Re: [openstack-dev] [nova] if by "archived" you mean, "wipes out your tables completely", then sure, it works fine

2015-03-13 Thread Mike Bayer


Attila Fazekas  wrote:

> The archiving has issues since very long time [1],
> something like this [2] is expected to replace it.


yeah I was thinking of just rewriting the archive routine in Nova to be
reasonable, but I can build this routine into Oslo.db as well as a generic
“move rows with criteria X into tables”. Archiving as it is is mostly
useless if it isn’t considering dependencies between tables
(https://bugs.launchpad.net/nova/+bug/1183523) so the correct approach would
need to consider tables and potentially rows in terms of foreign key
dependency.
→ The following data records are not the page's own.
Definition qinner (u v : qvec R n m) : C := \sum_(a : I) (u a)^* * v a.

Lemma Q_ofK M : M_of (Q_of M) = M.
Proof. by apply/matrixP => i j; rewrite !mxE /Q_of !enum_valK. Qed.

Lemma M_of_inj : injective M_of.
Proof.
move=> A B /matrixP eqAB; apply: functional_extensionality => a.
apply: functional_extensionality => b.
by have := eqAB (enum_rank a) (enum_rank b); rewrite !mxE !enum_rankK.
Qed.

Lemma M_of_mul A B : M_of (qmul A B) = M_of A *m M_of B.
Proof.
apply/matrixP => i j; rewrite !mxE /qmul sum_enum.
by apply: eq_bigr => l _; rewrite !mxE.
Qed.

Lemma M_of_adj A : M_of (qadj A) = (M_of A)^t*.
Proof. by apply/matrixP => i j; rewrite !mxE. Qed.

Lemma M_of_id : M_of (@qid R n m) = 1%:M.
Proof. by apply/matrixP => i j; rewrite !mxE /qid (inj_eq enum_val_inj). Qed.

Lemma v_of_apply U v : v_of (qapply U v) = M_of U *m v_of v.
Proof.
apply/matrixP => i j; rewrite !mxE /qapply sum_enum.
by apply: eq_bigr => l _; rewrite !mxE.
Qed.

Lemma qinnerE u v : qinner u v = inner (v_of u) (v_of v).
Proof. by rewrite /inner mxE /qinner sum_enum; apply: eq_bigr => l _; rewrite !mxE. Qed.

Lemma qnorm2E v : qnorm2 v = qinner v v.
Proof. by apply: eq_bigr => a _; rewrite mulrC. Qed.

Lemma qapply_id v : qapply (@qid R n m) v = v.
Proof.
apply: functional_extensionality => a; rewrite /qapply (bigD1 a) //= /qid eqxx mul1r.
by rewrite big1 ?addr0 // => b /negbTE; rewrite eq_sym => ->; rewrite mul0r.
Qed.

Lemma qid_unitary : unitary (@qid R n m).
Proof. by split; apply: M_of_inj; rewrite M_of_mul M_of_adj M_of_id adj1 mul1mx. Qed.

Lemma qinner_unitary U u v :
  unitary U -> qinner (qapply U u) (qapply U v) = qinner u v.
Proof.
case=> _ UU; rewrite !qinnerE !v_of_apply unitary_inner //.
by rewrite -M_of_adj -M_of_mul UU M_of_id.
Qed.

Lemma outcome_probE P b s :
  outcome_prob P b s = inner (M_of (P b) *m v_of s) (M_of (P b) *m v_of s).
Proof. by rewrite /outcome_prob qnorm2E qinnerE v_of_apply. Qed.

Lemma certain_outcomes_qorthogonal P s t :
  proj_meas P -> qnorm2 s = 1 -> outcome_prob P false s = 1 ->
  qnorm2 t = 1 -> outcome_prob P true t = 1 -> qinner s t = 0.
Proof.
case=> P_herm [P_idem P_sum]; rewrite !qnorm2E !outcome_probE !qinnerE.
have herm b : (M_of (P b))^t* = M_of (P b) by rewrite -M_of_adj P_herm.
have idem b : M_of (P b) *m M_of (P b) = M_of (P b) by rewrite -M_of_mul P_idem.
have sum1 : M_of (P false) + M_of (P true) = 1%:M.
  by rewrite -M_of_id; apply/matrixP => i j; rewrite !mxE P_sum.
exact: certain_outcomes_orthogonal (herm false) (herm true) (idem false) (idem true) sum1.
Qed.

Lemma projector_meas (P1 : 'M[C]_k) :
  P1^t* = P1 -> P1 *m P1 = P1 ->
  proj_meas (fun b => Q_of (if b then P1 else 1%:M - P1)).
Proof.
move=> P1_herm P1_idem; split; [|split].
- move=> b; apply: M_of_inj; rewrite M_of_adj Q_ofK; case: b => //.
  by rewrite linearB /= map_mxB adj1 P1_herm.
- move=> b; apply: M_of_inj; rewrite M_of_mul Q_ofK; case: b => //.
  by rewrite mulmxBl mul1mx mulmxBr mulmx1 P1_idem subrr subr0.
- by move=> a c; rewrite /Q_of /qid !mxE addrNK (inj_eq enum_rank_inj).
Qed.
End Representation.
This is what the unit of work was built to handle. Though I’m
not sure I can make this a generic ORM play since we want to be able to
delete “only N” rows, and it would probably be nice for the system to not
spend its time reading in the entire DB if it is only tasked with a few
dozen rows, so it might need to implement its own mini-unit-of-work system
that works against the same paradigm but specific to this use case.

The simplest case is that we address the archival of tables in order of
foreign key dependency. However, that has two issues in the “generic” sense.
One is that there can be cycles between tables, or a table that refers to
itself has a cycle to itself. So in those cases the archival on a “sort the
tables” basis needs to be broken into a “sort the rows” basis. This is what
SQLAlchemy’s unit of work does and I’d adapt that here.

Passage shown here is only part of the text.